** INPUT FOR THIS TASK follows **

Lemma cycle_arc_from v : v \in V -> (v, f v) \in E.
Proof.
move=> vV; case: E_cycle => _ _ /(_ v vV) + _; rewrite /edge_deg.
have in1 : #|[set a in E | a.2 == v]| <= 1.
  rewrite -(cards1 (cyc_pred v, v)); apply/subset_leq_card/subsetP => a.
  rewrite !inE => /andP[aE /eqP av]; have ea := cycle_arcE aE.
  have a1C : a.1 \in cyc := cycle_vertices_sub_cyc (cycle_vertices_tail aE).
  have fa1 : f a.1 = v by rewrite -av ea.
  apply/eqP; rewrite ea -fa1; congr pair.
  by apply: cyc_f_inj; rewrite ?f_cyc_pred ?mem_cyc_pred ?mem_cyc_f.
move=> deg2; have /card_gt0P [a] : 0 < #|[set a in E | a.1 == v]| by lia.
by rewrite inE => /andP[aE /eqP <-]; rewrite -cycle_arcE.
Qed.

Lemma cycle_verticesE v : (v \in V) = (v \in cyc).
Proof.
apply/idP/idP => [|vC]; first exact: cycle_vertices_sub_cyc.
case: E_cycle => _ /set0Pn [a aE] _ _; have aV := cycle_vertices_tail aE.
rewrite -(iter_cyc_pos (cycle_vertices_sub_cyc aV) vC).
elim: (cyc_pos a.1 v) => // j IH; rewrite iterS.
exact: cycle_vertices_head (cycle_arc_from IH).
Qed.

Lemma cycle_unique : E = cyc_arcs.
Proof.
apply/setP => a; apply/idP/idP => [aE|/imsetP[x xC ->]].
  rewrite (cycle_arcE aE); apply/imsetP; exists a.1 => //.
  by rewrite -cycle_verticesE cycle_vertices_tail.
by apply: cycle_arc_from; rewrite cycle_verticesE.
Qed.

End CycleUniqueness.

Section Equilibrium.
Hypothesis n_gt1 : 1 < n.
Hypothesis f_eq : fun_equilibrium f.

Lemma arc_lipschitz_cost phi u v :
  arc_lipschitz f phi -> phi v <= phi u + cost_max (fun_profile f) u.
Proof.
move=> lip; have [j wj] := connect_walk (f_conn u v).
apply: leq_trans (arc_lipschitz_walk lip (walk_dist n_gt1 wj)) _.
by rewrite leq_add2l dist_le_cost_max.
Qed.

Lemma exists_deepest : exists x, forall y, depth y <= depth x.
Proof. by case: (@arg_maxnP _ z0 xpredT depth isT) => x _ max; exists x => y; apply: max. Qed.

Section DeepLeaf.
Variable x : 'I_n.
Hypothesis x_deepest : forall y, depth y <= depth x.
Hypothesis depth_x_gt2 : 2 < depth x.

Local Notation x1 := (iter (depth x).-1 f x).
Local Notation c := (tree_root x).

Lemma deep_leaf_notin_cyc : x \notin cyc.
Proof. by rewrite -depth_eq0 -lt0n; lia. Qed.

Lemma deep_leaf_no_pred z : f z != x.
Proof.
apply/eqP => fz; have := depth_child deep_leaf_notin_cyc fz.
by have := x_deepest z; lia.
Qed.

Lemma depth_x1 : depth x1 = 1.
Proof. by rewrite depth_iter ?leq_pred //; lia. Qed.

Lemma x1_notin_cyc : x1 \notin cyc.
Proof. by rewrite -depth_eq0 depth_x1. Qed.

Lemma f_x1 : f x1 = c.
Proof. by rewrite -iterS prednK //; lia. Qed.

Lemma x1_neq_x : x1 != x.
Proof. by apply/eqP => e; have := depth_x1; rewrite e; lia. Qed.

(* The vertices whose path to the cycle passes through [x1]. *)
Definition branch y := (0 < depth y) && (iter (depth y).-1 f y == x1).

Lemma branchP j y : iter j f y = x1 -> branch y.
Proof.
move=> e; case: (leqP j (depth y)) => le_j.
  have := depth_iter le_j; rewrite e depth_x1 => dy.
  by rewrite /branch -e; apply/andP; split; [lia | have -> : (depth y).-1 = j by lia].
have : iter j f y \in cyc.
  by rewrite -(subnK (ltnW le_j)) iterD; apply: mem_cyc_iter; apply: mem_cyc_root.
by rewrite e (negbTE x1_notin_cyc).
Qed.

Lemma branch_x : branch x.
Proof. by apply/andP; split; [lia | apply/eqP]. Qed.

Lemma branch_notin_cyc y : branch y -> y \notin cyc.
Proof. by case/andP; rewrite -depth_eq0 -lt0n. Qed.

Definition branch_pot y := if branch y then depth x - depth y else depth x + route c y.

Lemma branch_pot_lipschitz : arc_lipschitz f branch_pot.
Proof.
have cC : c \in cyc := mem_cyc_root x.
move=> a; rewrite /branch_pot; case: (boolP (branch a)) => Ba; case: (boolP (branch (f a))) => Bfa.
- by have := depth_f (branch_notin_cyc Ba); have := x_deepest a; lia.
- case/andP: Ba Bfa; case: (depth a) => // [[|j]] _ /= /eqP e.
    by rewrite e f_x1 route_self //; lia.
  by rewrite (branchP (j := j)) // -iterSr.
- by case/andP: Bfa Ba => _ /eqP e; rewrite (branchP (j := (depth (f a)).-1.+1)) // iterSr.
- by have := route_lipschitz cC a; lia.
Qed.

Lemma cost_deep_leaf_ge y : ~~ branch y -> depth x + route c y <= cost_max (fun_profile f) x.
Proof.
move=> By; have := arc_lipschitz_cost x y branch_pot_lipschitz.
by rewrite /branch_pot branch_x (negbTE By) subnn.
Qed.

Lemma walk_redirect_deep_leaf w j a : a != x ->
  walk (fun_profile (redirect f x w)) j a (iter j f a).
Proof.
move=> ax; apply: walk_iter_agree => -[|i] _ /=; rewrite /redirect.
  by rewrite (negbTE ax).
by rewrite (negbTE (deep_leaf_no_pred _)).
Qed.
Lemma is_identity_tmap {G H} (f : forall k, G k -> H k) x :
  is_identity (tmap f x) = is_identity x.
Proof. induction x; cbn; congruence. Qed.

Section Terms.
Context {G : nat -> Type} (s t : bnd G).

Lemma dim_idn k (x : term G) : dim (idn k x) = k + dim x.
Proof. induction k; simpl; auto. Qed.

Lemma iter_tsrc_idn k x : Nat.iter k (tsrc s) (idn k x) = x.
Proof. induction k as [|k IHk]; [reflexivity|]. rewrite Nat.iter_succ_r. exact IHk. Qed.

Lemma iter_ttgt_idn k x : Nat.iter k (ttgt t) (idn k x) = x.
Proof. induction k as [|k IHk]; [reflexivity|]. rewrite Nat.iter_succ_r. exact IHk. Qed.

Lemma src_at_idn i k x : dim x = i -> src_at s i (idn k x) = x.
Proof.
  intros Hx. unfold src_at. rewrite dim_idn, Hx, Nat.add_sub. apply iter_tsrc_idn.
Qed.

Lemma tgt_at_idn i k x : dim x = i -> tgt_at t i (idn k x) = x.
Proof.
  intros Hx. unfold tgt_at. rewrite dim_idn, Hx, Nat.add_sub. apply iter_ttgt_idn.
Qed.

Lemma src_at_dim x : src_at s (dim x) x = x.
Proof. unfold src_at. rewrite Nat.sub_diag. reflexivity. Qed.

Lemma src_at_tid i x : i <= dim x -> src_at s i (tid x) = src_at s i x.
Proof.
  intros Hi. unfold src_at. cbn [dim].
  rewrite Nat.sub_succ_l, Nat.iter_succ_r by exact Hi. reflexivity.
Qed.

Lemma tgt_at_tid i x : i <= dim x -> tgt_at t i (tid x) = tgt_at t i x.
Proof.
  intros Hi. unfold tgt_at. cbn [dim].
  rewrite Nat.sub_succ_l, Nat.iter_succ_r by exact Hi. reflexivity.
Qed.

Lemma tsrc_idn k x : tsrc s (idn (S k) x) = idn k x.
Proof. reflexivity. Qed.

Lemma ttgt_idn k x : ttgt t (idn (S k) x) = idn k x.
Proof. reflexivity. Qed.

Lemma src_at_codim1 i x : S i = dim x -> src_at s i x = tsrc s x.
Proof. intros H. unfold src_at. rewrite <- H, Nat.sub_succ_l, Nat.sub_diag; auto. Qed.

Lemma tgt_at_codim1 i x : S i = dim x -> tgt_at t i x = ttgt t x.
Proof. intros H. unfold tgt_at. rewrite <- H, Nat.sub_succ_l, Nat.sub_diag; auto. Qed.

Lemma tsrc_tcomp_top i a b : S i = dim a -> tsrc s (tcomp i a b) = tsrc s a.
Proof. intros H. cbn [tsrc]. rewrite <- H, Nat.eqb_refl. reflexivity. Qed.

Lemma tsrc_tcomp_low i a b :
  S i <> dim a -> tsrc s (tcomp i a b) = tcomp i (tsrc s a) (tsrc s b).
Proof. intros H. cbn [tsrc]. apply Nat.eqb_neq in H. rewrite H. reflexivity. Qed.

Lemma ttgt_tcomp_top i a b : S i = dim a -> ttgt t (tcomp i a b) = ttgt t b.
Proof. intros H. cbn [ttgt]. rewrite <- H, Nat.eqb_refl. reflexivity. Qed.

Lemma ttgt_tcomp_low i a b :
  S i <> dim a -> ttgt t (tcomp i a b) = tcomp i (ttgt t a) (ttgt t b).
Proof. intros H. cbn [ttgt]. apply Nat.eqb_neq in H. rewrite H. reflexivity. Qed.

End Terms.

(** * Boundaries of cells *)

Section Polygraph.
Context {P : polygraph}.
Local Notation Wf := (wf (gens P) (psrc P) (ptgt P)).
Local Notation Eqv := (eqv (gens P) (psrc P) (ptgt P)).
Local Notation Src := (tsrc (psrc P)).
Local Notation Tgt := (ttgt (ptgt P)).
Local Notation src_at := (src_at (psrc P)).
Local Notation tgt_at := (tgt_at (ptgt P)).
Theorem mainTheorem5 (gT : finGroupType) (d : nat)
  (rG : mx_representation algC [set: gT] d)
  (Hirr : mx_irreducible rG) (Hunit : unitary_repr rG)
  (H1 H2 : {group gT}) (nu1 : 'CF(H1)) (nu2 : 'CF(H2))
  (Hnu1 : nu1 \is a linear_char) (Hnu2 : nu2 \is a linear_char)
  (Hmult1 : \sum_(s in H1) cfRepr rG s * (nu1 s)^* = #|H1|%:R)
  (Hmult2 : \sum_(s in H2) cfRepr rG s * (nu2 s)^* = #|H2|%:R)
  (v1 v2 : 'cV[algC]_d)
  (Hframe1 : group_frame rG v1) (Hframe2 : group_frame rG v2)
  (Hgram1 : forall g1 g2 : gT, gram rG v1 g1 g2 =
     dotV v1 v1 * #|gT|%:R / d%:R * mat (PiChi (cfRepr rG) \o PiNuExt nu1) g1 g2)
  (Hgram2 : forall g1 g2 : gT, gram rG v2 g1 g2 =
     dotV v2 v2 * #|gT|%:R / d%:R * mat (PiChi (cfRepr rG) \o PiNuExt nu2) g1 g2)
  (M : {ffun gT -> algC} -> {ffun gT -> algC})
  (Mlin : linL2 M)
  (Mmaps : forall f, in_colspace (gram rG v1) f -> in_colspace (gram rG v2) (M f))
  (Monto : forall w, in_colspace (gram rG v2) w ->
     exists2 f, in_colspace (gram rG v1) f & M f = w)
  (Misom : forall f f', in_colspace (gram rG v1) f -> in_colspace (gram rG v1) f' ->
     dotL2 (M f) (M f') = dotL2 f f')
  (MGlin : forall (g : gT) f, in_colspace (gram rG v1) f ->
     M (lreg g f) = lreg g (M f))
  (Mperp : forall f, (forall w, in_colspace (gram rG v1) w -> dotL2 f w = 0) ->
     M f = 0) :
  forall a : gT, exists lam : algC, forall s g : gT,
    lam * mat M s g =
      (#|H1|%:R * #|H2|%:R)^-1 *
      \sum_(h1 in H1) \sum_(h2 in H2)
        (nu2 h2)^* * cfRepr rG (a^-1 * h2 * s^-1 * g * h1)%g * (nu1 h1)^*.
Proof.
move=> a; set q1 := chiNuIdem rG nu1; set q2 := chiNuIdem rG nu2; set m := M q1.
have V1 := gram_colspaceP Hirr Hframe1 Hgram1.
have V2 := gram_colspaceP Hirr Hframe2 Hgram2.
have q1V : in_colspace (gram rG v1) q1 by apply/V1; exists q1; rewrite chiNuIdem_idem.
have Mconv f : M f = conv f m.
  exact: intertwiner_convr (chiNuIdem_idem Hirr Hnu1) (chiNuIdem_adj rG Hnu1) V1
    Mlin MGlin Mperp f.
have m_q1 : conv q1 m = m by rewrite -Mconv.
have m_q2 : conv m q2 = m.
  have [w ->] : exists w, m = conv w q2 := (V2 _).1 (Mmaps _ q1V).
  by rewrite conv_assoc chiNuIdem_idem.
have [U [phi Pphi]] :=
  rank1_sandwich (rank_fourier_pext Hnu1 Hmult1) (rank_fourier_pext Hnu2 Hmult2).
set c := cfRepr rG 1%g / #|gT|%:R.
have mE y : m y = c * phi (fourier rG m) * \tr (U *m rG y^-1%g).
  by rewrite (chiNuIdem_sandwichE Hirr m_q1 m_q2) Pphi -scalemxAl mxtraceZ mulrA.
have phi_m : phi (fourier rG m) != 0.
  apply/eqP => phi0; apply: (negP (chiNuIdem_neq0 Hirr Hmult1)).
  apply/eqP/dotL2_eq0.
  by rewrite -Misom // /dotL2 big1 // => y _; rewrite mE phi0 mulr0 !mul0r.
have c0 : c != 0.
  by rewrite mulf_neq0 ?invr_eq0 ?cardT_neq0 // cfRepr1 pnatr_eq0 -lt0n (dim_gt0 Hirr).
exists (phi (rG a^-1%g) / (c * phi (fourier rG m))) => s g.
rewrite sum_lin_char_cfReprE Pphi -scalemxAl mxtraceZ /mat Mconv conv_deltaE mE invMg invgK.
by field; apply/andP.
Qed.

** End of INPUT FOR THIS TASK **

INSTRUCTIONS FOR THE TASK: What lines in the data above contain the word "Mconv"? Show them all.

RESPONSE TO THIS EXERCISE:
have Mconv f : M f = conv f m.
have m_q1 : conv q1 m = m by rewrite -Mconv.
rewrite sum_lin_char_cfReprE Pphi -scalemxAl mxtraceZ /mat Mconv conv_deltaE mE invMg invgK.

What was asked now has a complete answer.